[Saved data entries]
++++++

(* Let $\mathcal{A}$ be a complex unital Banach algebra, let $p,q\in\mathcal{A}$ be idempotents, let $m\in\mathbb{N}$, and let $\gamma_1,\lambda_1,\dots,\lambda_m\in\mathbb{C}$ with $\lambda_1\gamma_1\neq0$. Then $$\lambda_1p+\gamma_1q-\lambda_1pq+\lambda_2\big(pqp-(pq)^2\big)+\cdots+\lambda_m\big((pq)^{m-1}p-(pq)^m\big)$$ is Drazin invertible (respectively, g-Drazin invertible) if and only if $$\lambda_1-\lambda_1pq+\lambda_2\big(pqp-(pq)^2\big)+\cdots+\lambda_m\big((pq)^{m-1}p-(pq)^m\big)$$ is Drazin invertible (respectively, g-Drazin invertible).
   Context: $\mathcal{A}$ is a complex unital Banach algebra with unit $1$; an idempotent is an element $e$ with $e^2=e$. An element $a$ is Drazin invertible if there exists $b\in\mathcal{A}$ with $ab=ba$, $bab=b$, and $(a(1-ab))^n=0$ for some $n\in\mathbb{N}$; g-Drazin invertible if there exists $b$ with $ab=ba$, $bab=b$, and $a(1-ab)$ quasinilpotent (spectral radius $0$). The terms $\lambda_k\big((pq)^{k-1}p-(pq)^k\big)$ for $k=2,\dots,m$ appear in the sums (for $m=1$ only the $\lambda_1$ terms appear). *)

From HB Require Import structures.
From mathcomp Require Import all_boot all_order all_algebra.
From mathcomp Require Import all_classical all_reals all_analysis.
From mathcomp Require Import complex.

Set Implicit Arguments.
Unset Strict Implicit.
Unset Printing Implicit Defensive.

Import Order.TTheory GRing.Theory Num.Theory.
Local Open Scope ring_scope.
Local Open Scope classical_set_scope.

Record banach_norm (R : realType) (A : algType R[i]) := BanachNorm {
  bnorm :> A -> R ;
  bnorm_ge0 : forall x, 0 <= bnorm x ;
  bnorm_eq0 : forall x, bnorm x = 0 -> x = 0 ;
  bnormD : forall x y, bnorm (x + y) <= bnorm x + bnorm y ;
  bnormZ : forall (c : R[i]) x, bnorm (c *: x) = ComplexField.Normc.normc c * bnorm x ;
  bnormM : forall x y, bnorm (x * y) <= bnorm x * bnorm y ;
  bnorm1 : bnorm 1 = 1 ;
  bnorm_complete : forall u : nat -> A,
    (forall e : R, 0 < e -> exists N : nat, forall i j : nat,
        (N <= i)%N -> (N <= j)%N -> bnorm (u i - u j) < e) ->
    exists l : A, forall e : R, 0 < e -> exists N : nat, forall i : nat,
        (N <= i)%N -> bnorm (u i - l) < e
}.

Section Defs.
Context {R : realType} {A : algType R[i]}.

Definition is_idempotent (e : A) : Prop := e * e = e.

Definition invertible (a : A) : Prop := exists b : A, a * b = 1 /\ b * a = 1.

Definition spectrum (a : A) : set R[i] := [set l | ~ invertible (l%:A - a)].

Definition spectral_radius (a : A) : R := sup [set ComplexField.Normc.normc l | l in spectrum a].

Definition quasinilpotent (a : A) : Prop := spectral_radius a = 0.

Definition drazin_invertible (a : A) : Prop :=
  exists b : A, [/\ a * b = b * a, b * a * b = b &
                    exists n : nat, (a * (1 - a * b)) ^+ n = 0].

Definition gdrazin_invertible (a : A) : Prop :=
  exists b : A, [/\ a * b = b * a, b * a * b = b &
                    quasinilpotent (a * (1 - a * b))].
End Defs.

From Stdlib Require Ncring Ncring_tac.
From HB Require Import structures.
From mathcomp Require Import all_boot all_order all_algebra.
From mathcomp Require Import all_classical all_reals all_analysis.
From mathcomp Require Import complex.
From mathcomp Require Import lra.
Import Order.TTheory GRing.Theory Num.Theory.
Local Open Scope ring_scope.
Set Implicit Arguments.
Unset Strict Implicit.
Unset Printing Implicit Defensive.

(* Write c := lam1 (p - pq) + S, so that pc = c and cq = 0; then
   x = c + gam1 q and y = c + lam1 (1 - p).  Both Drazin and g-Drazin
   invertibility are instances of "P-Drazin invertibility" (b commutes with a,
   bab = b and a(1 - ab) satisfies P), for P = nilpotent resp. quasinilpotent.
   For an idempotent q with cq = 0, the element t = c + q satisfies tq = q, so
   it is upper triangular with respect to q with corner (1 - q)t = (1 - q)c;
   P-Drazin invertibility passes to and from that corner (explicit block
   formula, with the Neumann-type inverse of 1 - D(1 - Dd) supplied by P), and
   Cline's formula moves (1 - q)c to c(1 - q) = c.  The same argument in the
   opposite ring handles c + (1 - p).  The spectral radius enters only through
   "l - u invertible for all l <> 0", for which one needs the Neumann series. *)

#[global] Instance ring_ops (T : pzRingType) :
  @Ncring.Ring_ops T 0 1 +%R *%R (fun x y => x - y) -%R eq := {}.
#[global] Instance ring_ncring (T : pzRingType) :
  @Ncring.Ring T 0 1 +%R *%R (fun x y => x - y) -%R eq (ring_ops T).
Proof.
constructor; try by move=> x y -> z w ->.
- exact: RelationClasses.eq_equivalence.
- by move=> x y ->.
- exact: add0r.
- exact: addrC.
- exact: addrA.
- exact: mul1r.
- exact: mulr1.
- exact: mulrA.
- exact: mulrDl.
- by move=> x y z; exact: (mulrDr z x y).
- by [].
- exact: subrr.
Qed.

Ltac ncring := Ncring_tac.non_commutative_ring.
Ltac zsimp := rewrite ?(subrr, mulr0, mul0r, addr0, add0r, subr0, sub0r, oppr0).

Section RingLemmas.
Variable T : pzRingType.
Implicit Types a b c d r s t u v x y z : T.

Definition has_inverse a := exists b, a * b = 1 /\ b * a = 1.
Definition central z := forall a, z * a = a * z.
Definition nilpotent r := exists n, r ^+ n = 0.

Definition drazin_wrt (P : T -> Prop) a :=
  exists b, [/\ a * b = b * a, b * a * b = b & P (a * (1 - a * b))].

Lemma has_inverseM a b : has_inverse a -> has_inverse b -> has_inverse (a * b).
Proof.
move=> [a' [ha1 ha2]] [b' [hb1 hb2]]; exists (b' * a'); split.
- by rewrite -mulrA (mulrA b) hb1 mul1r ha1.
- by rewrite -mulrA (mulrA a') ha2 mul1r hb2.
Qed.

Lemma has_inverse_mulKr z x : has_inverse z -> has_inverse (z * x) -> has_inverse x.
Proof.
move=> [zi [hz1 hz2]] [v [hv1 hv2]].
have xv : x * v = zi by rewrite -(mul1r (x * v)) -hz2 -mulrA (mulrA z) hv1 mulr1.
by exists (v * z); split; [rewrite mulrA xv hz2 | rewrite -mulrA hv2].
Qed.

Lemma central_inverse z zi : central z -> z * zi = 1 -> zi * z = 1 -> central zi.
Proof.
move=> zc h1 h2 a.
by rewrite -[zi * a]mulr1 -h1 mulrA -(mulrA zi a z) -zc mulrA h2 mul1r.
Qed.

Lemma commr_inverse x u v : u * v = 1 -> v * u = 1 -> x * u = u * x -> x * v = v * x.
Proof.
move=> h1 h2 c; apply: subr0_eq.
have -> : x * v - v * x =
    v * x * (u * v - 1) - (v * u - 1) * x * v + v * (u * x - x * u) * v by ncring.
by rewrite h1 h2 c; zsimp.
Qed.

Lemma has_inverse_1subC a b : has_inverse (1 - a * b) -> has_inverse (1 - b * a).
Proof.
move=> [w [h1 h2]]; exists (1 + b * w * a); split.
- have -> : (1 - b * a) * (1 + b * w * a) = 1 + b * ((1 - a * b) * w - 1) * a by ncring.
  by rewrite h1; zsimp.
- have -> : (1 + b * w * a) * (1 - b * a) = 1 + b * (w * (1 - a * b) - 1) * a by ncring.
  by rewrite h2; zsimp.
Qed.

Lemma has_inverse_subC z s t : central z -> has_inverse z ->
  has_inverse (z - s * t) -> has_inverse (z - t * s).
Proof.
move=> zc zu; have [zi [h1 h2]] := zu; have zic := central_inverse zc h1 h2.
have e1 : z - s * t = z * (1 - (zi * s) * t) by rewrite mulrBr mulr1 !mulrA h1 mul1r.
have e2 : z - t * s = z * (1 - t * (zi * s)).
  by rewrite mulrBr mulr1 (mulrA t) -zic !mulrA h1 mul1r.
rewrite e1 e2 => /(has_inverse_mulKr zu) /has_inverse_1subC.
exact: has_inverseM.
Qed.

Lemma has_inverse_1sub_nilpotent u : nilpotent u -> has_inverse (1 - u).
Proof.
move=> [n un0]; exists (\sum_(i < n) u ^+ i).
have uS : GRing.comm u (\sum_(i < n) u ^+ i).
  by apply: commr_sum => i _; apply/commrX/commr_refl.
have Sinv : (1 - u) * \sum_(i < n) u ^+ i = 1.
  by have := subrX1 u n; rewrite un0 sub0r => h; rewrite -opprB mulNr -h opprK.
by split=> //; rewrite mulrBr mulr1 -uS -{1}(mul1r (\sum_(i < n) _)) -mulrBl.
Qed.

Lemma exprMC s t n : (s * t) ^+ n.+1 = s * (t * s) ^+ n * t.
Proof.
elim: n => [|n IH]; first by rewrite expr1 expr0 mulr1.
by rewrite exprSr IH exprSr !mulrA.
Qed.

Lemma nilpotentMC s t : nilpotent (t * s) -> nilpotent (s * t).
Proof. by move=> [n hn]; exists n.+1; rewrite exprMC hn mulr0 mul0r. Qed.

(* Cline's formula: b c^2 a is a P-Drazin inverse of ba when c is one of ab. *)
Lemma drazin_wrtMC (P : T -> Prop) (PMC : forall s t, P (t * s) -> P (s * t)) a b :
  drazin_wrt P (a * b) -> drazin_wrt P (b * a).
Proof.
move=> [c [wc cwc Pw]].
have wcc : a * b * c * c = c * c * (a * b).
  by rewrite wc -mulrA wc mulrA.
have wwcc : a * b * (a * b) * c * c = a * b * c.
  apply: subr0_eq.
  have -> : a * b * (a * b) * c * c - a * b * c =
    a * b * (a * b * c - c * (a * b)) * c + a * b * (c * (a * b) * c - c) by ncring.
  by rewrite wc cwc; zsimp.
have ccwwcc : c * c * (a * b) * (a * b) * c * c = c * c.
  apply: subr0_eq.
  have -> : c * c * (a * b) * (a * b) * c * c - c * c =
    c * (c * (a * b) - a * b * c) * (a * b) * c * c
    + (c * (a * b) * c - c) * (a * b) * c * c + (c * (a * b) * c - c) * c by ncring.
  by rewrite wc cwc; zsimp.
exists (b * c * c * a); split.
- apply: subr0_eq.
  have -> : b * a * (b * c * c * a) - b * c * c * a * (b * a) =
    b * (a * b * c * c - c * c * (a * b)) * a by ncring.
  by rewrite wcc; zsimp.
- apply: subr0_eq.
  have -> : b * c * c * a * (b * a) * (b * c * c * a) - b * c * c * a =
    b * (c * c * (a * b) * (a * b) * c * c - c * c) * a by ncring.
  by rewrite ccwwcc; zsimp.
- have -> : b * a * (1 - b * a * (b * c * c * a)) =
    b * ((1 - a * b * c) * a) + b * (a * b * c - a * b * (a * b) * c * c) * a by ncring.
  rewrite wwcc subrr mulr0 mul0r addr0; apply: PMC.
  have -> : (1 - a * b * c) * a * b = a * b * (1 - a * b * c).
    by rewrite -mulrA mulrBl mulrBr mul1r mulr1 -(mulrA (a * b)) -wc mulrA.
  exact: Pw.
Qed.

Lemma drazin_wrt_central_scale (P : T -> Prop) z zi :
  central z -> z * zi = 1 -> zi * z = 1 -> (forall r, P r -> P (z * r)) ->
  forall a, drazin_wrt P a -> drazin_wrt P (z * a).
Proof.
move=> zc h1 h2 Pz a [b [ab bab Pr]].
have zic := central_inverse zc h1 h2.
have e1 : z * a * (zi * b) = a * b by rewrite -mulrA (mulrA a) -zic -!mulrA (mulrA z) h1 mul1r.
have e2 : zi * b * (z * a) = b * a by rewrite -mulrA (mulrA b) -zc -!mulrA (mulrA zi) h2 mul1r.
exists (zi * b); split; first by rewrite e1 e2.
- by rewrite e2 mulrA -zic -mulrA bab.
- by rewrite e1 -mulrA; apply: Pz.
Qed.

Section PeirceCorner.
Variables e Y N : T.
Hypotheses (ee : e * e = e) (Ydef : Y = e * Y * (1 - e)) (Ndef : N = (1 - e) * N * (1 - e)).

++++++

The task :: Among the entries above, how many lines have the string "realType" in them? Only the number should be given.

Task response :: 2